## Directions for this task
Look through the entries below for the string "Section", and copy each line where it is found.
··· Given information
(* All structures considered have a uniform state x on [-1,1], a trivial
   observation for player 2, and player 1 observing in which of the three cells
   [-1,a[, [a,b], ]b,1] the state lies, for -1 < a < b < 1.
   1. Every expectation under such a structure is half the Lebesgue integral of
      the integrand along the three cells (integral_info_structure).  Hence J^1
      is (up to terms not involving g^1) the mean-square error of g^1, and J^2
      under player 1's policy only depends on which cells g^1 maps to 0.
   2. Player 1's unique best response, whatever player 2 does, is the vector of
      cell midpoints (cell_means).  With it, J^2 is a quadratic in u = g^2(0)
      whose minimum is p(2-p)/4, p being the total length of the cells whose
      midpoint is 0 (zero_mass; nash_equilibria).  For mu_m no midpoint is 0, so p = 0; for mu the
      middle cell [-1/2,1/2] is centred, so p = 1 and the cost is 1/4.
   3. Two such structures differ in TV by at most the length of the region where
      their observation maps disagree (tv_info_bound), which is 3/(8m) here. *)

Section InfoStructureGame.
Set Implicit Arguments.
Unset Strict Implicit.
Variable R : realType.
Local Notation leb := (@lebesgue_measure R).

Lemma Y1_cases (y : Y1) : [\/ y = y_1, y = y_2 | y = y_3].
Proof.
by case: y => -[|[|[|//]]] Hy; [apply: Or31|apply: Or32|apply: Or33]; apply: val_inj.
Qed.
Lemma is_RInt_alpha_pullback (b : C) : (Cmod b < 1)%R ->
  is_RInt (fun t => 2 * PI - 4 * PI / (1 - b * cis (- (2 * PI * t)))) 0 1 (RtoC (-2 * PI)).
Proof.
  intros Hb.
  pose proof (is_RInt_minus _ _ _ _ _ _ (is_RInt_const 0 1 (RtoC (2 * PI)))
                (is_RInt_scal _ _ _ (4 * PI)%R _ (is_RInt_inv_1_minus_cis b Hb))) as H.
  match type of H with is_RInt _ _ _ ?v => replace v with (RtoC (-2 * PI)) in H end.
  - eapply is_RInt_ext; [|exact H].
    intros t _; cbv beta; rewrite scal_R_Cmult, !RtoC_mult; reflexivity.
  - rewrite !scal_R_Cmult; change (minus ?a ?b) with (Cminus a b).
    apply injective_projections; simpl; ring.
Qed.

(* With K = c3^2 + v^2 these solve (c1 + v^2)/v - (c2 + i c3) = 2 w and
   (c1 + v^2)/v + (c2 + i c3) = K / (2 w). *)
Definition param1 (c3 v w : C) : C := v * w + v * (c3 * c3 + v * v) / 4 / w - v * v.
Definition param2 (c3 v w : C) : C := (c3 * c3 + v * v) / 4 / w - w - Ci * c3.
Definition dparam1 (c3 v w : C) : C := 2 * PI * Ci * (v * w - v * (c3 * c3 + v * v) / 4 / w).

Section ConicParametrization.

Variables c3 v w : C.
Hypothesis v_neq0 : v <> 0.
Hypothesis w_neq0 : w <> 0.
Lemma rsum_single n f j : (j < n)%nat -> (forall i, (i < n)%nat -> i <> j -> f i = 0) ->
  rsum n f = f j.
Proof.
  induction n as [|n IH]; intros Hj H; [lia|]. simpl.
  destruct (Nat.eq_dec j n) as [->|Hne].
  - rewrite (rsum_ext _ _ (fun _ => 0)), rsum_0; [ring|]. intros; apply H; lia.
  - rewrite (H n) by (auto; lia). rewrite IH; [ring|lia|]. intros; apply H; lia.
Qed.

Lemma discriminant_le A B X : 0 <= B -> (forall l, 0 <= A - 2 * l * X + l ^ 2 * B) ->
  X ^ 2 <= A * B.
Proof.
  intros HB Hq. destruct (Req_dec B 0) as [HB0|HB0].
  - destruct (Req_dec X 0) as [HX|HX]; [subst; lra|].
    specialize (Hq ((A + 1) / (2 * X))). rewrite HB0 in Hq.
    replace (A - 2 * ((A + 1) / (2 * X)) * X + ((A + 1) / (2 * X)) ^ 2 * 0) with (-1)
      in Hq by (field; auto). lra.
  - specialize (Hq (X / B)).
    replace (A - 2 * (X / B) * X + (X / B) ^ 2 * B) with ((A * B - X ^ 2) / B) in Hq
      by (field; auto).
    assert (0 <= (A * B - X ^ 2) / B * B) by (apply Rmult_le_pos; lra).
    replace ((A * B - X ^ 2) / B * B) with (A * B - X ^ 2) in H by (field; auto). lra.
Qed.

Lemma rsum_cauchy_schwarz n a b :
  rsum n (fun i => a i * b i) ^ 2 <= rsum n (fun i => a i ^ 2) * rsum n (fun i => b i ^ 2).
Proof.
  apply discriminant_le; [apply rsum_nonneg; intros; apply pow2_ge_0|]. intros l.
  rewrite <- !rsum_mul_l, <- rsum_sub, <- rsum_add.
  apply rsum_nonneg. intros i _. replace (_ - _ + _) with ((a i - l * b i) ^ 2) by ring.
  apply pow2_ge_0.
Qed.

Definition vnorm (n : nat) (v : nat -> R) : R := sqrt (rsum n (fun i => v i ^ 2)).

Lemma vnorm_ge0 n v : 0 <= vnorm n v.
Proof. apply sqrt_pos. Qed.

Lemma vnorm_0 n : vnorm n (fun _ => 0) = 0.
Proof.
  unfold vnorm. rewrite (rsum_ext _ _ (fun _ => 0)), rsum_0 by (intros; ring). apply sqrt_0.
Qed.

Lemma vnorm_sq n v : vnorm n v ^ 2 = rsum n (fun i => v i ^ 2).
Proof.
  unfold vnorm. rewrite <- Rsqr_pow2. apply Rsqr_sqrt.
  apply rsum_nonneg; intros; apply pow2_ge_0.
Qed.

Lemma vnorm_ext n v w : (forall i, (i < n)%nat -> v i = w i) -> vnorm n v = vnorm n w.
Proof. intros H. unfold vnorm. f_equal. apply rsum_ext. intros i Hi. now rewrite H. Qed.

Lemma vnorm_le_sq n v c : 0 <= c -> rsum n (fun i => v i ^ 2) <= c ^ 2 -> vnorm n v <= c.
Proof. intros Hc H. rewrite <- vnorm_sq in H. pose proof (vnorm_ge0 n v). nra. Qed.

Lemma vnorm_1 v : vnorm 1 v = Rabs (v 0%nat).
Proof. unfold vnorm. simpl. rewrite Rplus_0_l, Rmult_1_r. apply sqrt_Rsqr_abs. Qed.

Lemma dot_le_vnorm n a b : rsum n (fun i => a i * b i) <= vnorm n a * vnorm n b.
Proof.
  pose proof (rsum_cauchy_schwarz n a b) as H.
  rewrite <- !vnorm_sq, <- Rpow_mult_distr in H.
  assert (0 <= vnorm n a * vnorm n b) by (apply Rmult_le_pos; apply vnorm_ge0). nra.
Qed.

Lemma vnorm_add_le n v w : vnorm n (fun i => v i + w i) <= vnorm n v + vnorm n w.
Proof.
  pose proof (vnorm_ge0 n v). pose proof (vnorm_ge0 n w). pose proof (dot_le_vnorm n v w).
  apply vnorm_le_sq; [lra|].
  replace (rsum n (fun i => (v i + w i) ^ 2)) with
    (rsum n (fun i => v i ^ 2) + 2 * rsum n (fun i => v i * w i) + rsum n (fun i => w i ^ 2)).
  - rewrite <- !vnorm_sq. nra.
  - rewrite <- rsum_mul_l, <- !rsum_add. apply rsum_ext; intros; ring.
Qed.

Lemma vnorm_matvec_le n m (M : nat -> nat -> R) v :
  vnorm n (fun i => rsum m (fun j => M i j * v j)) <=
  sqrt (rsum n (fun i => rsum m (fun j => M i j ^ 2))) * vnorm m v.
Proof.
  assert (HM : 0 <= rsum n (fun i => rsum m (fun j => M i j ^ 2))).
  { apply rsum_nonneg; intros; apply rsum_nonneg; intros; apply pow2_ge_0. }
  apply vnorm_le_sq; [apply Rmult_le_pos; [apply sqrt_pos|apply vnorm_ge0]|].
  rewrite Rpow_mult_distr, vnorm_sq, <- Rsqr_pow2, Rsqr_sqrt, <- rsum_mul_r by exact HM.
  apply rsum_le. intros i _. apply rsum_cauchy_schwarz.
Qed.

(** * Feedforward networks and their perturbations *)

Section Feedforward.
Variable d : nat -> nat.

Fixpoint feed (V : net) (k : nat) (v : nat -> R) (m : nat) : nat -> R :=
  match m with
  | O => v
  | S m' => fun i => rsum (d (k + m')) (fun q => V (S (k + m')) i q * feed V k v m' q)
  end.

(* the derivative of [feed V 0 v m] along the weight direction [D] *)
Fixpoint dfeed (V D : net) (v : nat -> R) (m : nat) : nat -> R :=
  match m with
  | O => fun _ => 0
  | S m' => fun i => rsum (d m')
      (fun q => D (S m') i q * feed V 0 v m' q + V (S m') i q * dfeed V D v m' q)
  end.

Definition net_add (V D : net) : net := fun k i j => V k i j + D k i j.

Definition in_ball (m : nat) (c : R) (V : net) : Prop :=
  forall k, (1 <= k <= m)%nat -> frob d V k <= c.

Lemma in_ball_S m c V : in_ball (S m) c V -> in_ball m c V.
Proof. intros H k Hk. apply H. lia. Qed.

Definition frob_sum (D : net) (m : nat) : R := rsum m (fun k => frob d D (S k)).

Definition evec (j : nat) : nat -> R := fun i => if Nat.eqb j i then 1 else 0.

Lemma prodmx_feed V v m i : (0 < m \/ i < d 0)%nat ->
  rsum (d 0) (fun j => prodmx d V m i j * v j) = feed V 0 v m i.
Proof.
  revert i. induction m as [|m IH]; intros i Hi; simpl.
  - rewrite (rsum_single _ _ i); [|lia|].
    + rewrite Nat.eqb_refl. ring.
    + intros j _ Hj. apply Nat.eqb_neq in Hj. rewrite Nat.eqb_sym, Hj. ring.
  - rewrite (rsum_ext _ _ (fun j => rsum (d m) (fun q => V (S m) i q * (prodmx d V m q j * v j)))).
    + rewrite rsum_comm. apply rsum_ext. intros q Hq.
      rewrite rsum_mul_l, IH; [reflexivity|]. destruct m; lia.
    + intros j _. rewrite <- rsum_mul_r. apply rsum_ext; intros; ring.
Qed.

Lemma frob_S V m :
  frob d V (S m) = sqrt (rsum (d (S m)) (fun i => rsum (d m) (fun j => V (S m) i j ^ 2))).
Proof. unfold frob. now rewrite Nat.sub_succ, Nat.sub_0_r. Qed.

Lemma frob_ge0 V k : 0 <= frob d V k.
Proof. apply sqrt_pos. Qed.

Lemma frob_sq V m :
  frob d V (S m) ^ 2 = rsum (d (S m)) (fun i => rsum (d m) (fun j => V (S m) i j ^ 2)).
Proof.
  rewrite frob_S, <- Rsqr_pow2. apply Rsqr_sqrt.
  apply rsum_nonneg; intros; apply rsum_nonneg; intros; apply pow2_ge_0.
Qed.

Lemma vnorm_layer_le V m v :
  vnorm (d (S m)) (fun i => rsum (d m) (fun q => V (S m) i q * v q)) <=
  frob d V (S m) * vnorm (d m) v.
Proof. rewrite frob_S. apply vnorm_matvec_le. Qed.

Lemma vnorm_layer2_le A B m a b :
  vnorm (d (S m)) (fun i => rsum (d m) (fun q => A (S m) i q * a q) +
                            rsum (d m) (fun q => B (S m) i q * b q)) <=
  frob d A (S m) * vnorm (d m) a + frob d B (S m) * vnorm (d m) b.
Proof.
  eapply Rle_trans; [apply vnorm_add_le|].
  apply Rplus_le_compat; apply vnorm_layer_le.
Qed.

Lemma feed_vnorm_le V v c m : 0 <= c -> in_ball m c V ->
  vnorm (d m) (feed V 0 v m) <= c ^ m * vnorm (d 0) v.
Proof.
  intros Hc. induction m as [|m IH]; intros Hball; simpl; [lra|].
  eapply Rle_trans; [apply vnorm_layer_le|].
  assert (IHm : vnorm (d m) (feed V 0 v m) <= c ^ m * vnorm (d 0) v)
    by (apply IH, in_ball_S, Hball).
  rewrite Rmult_assoc. apply Rmult_le_compat; auto using frob_ge0, vnorm_ge0 with arith.
Qed.

Lemma frob_sum_ge0 D m : 0 <= frob_sum D m.
Proof. apply rsum_nonneg; intros; apply frob_ge0. Qed.

Lemma frob_sum_S D m : frob_sum D (S m) = frob_sum D m + frob d D (S m).
Proof. reflexivity. Qed.

Lemma feed_diff V D v m i :
  feed (net_add V D) 0 v (S m) i - feed V 0 v (S m) i =
  rsum (d m) (fun q => net_add V D (S m) i q * (feed (net_add V D) 0 v m q - feed V 0 v m q)) +
  rsum (d m) (fun q => D (S m) i q * feed V 0 v m q).
Proof. simpl. rewrite <- rsum_sub, <- rsum_add. apply rsum_ext; intros; unfold net_add; ring. Qed.

Lemma feed_taylor V D v m i :
  feed (net_add V D) 0 v (S m) i - feed V 0 v (S m) i - dfeed V D v (S m) i =
  rsum (d m) (fun q => V (S m) i q *
    (feed (net_add V D) 0 v m q - feed V 0 v m q - dfeed V D v m q)) +
  rsum (d m) (fun q => D (S m) i q * (feed (net_add V D) 0 v m q - feed V 0 v m q)).
Proof. simpl. rewrite <- !rsum_sub, <- rsum_add. apply rsum_ext; intros; unfold net_add; ring. Qed.

Section Perturbation.
Variables (V D : net) (v : nat -> R) (c : R).
Hypothesis Hc : 1 <= c.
······
## Response below
Section InfoStructureGame.
Section ConicParametrization.
Section Feedforward.
Section Perturbation.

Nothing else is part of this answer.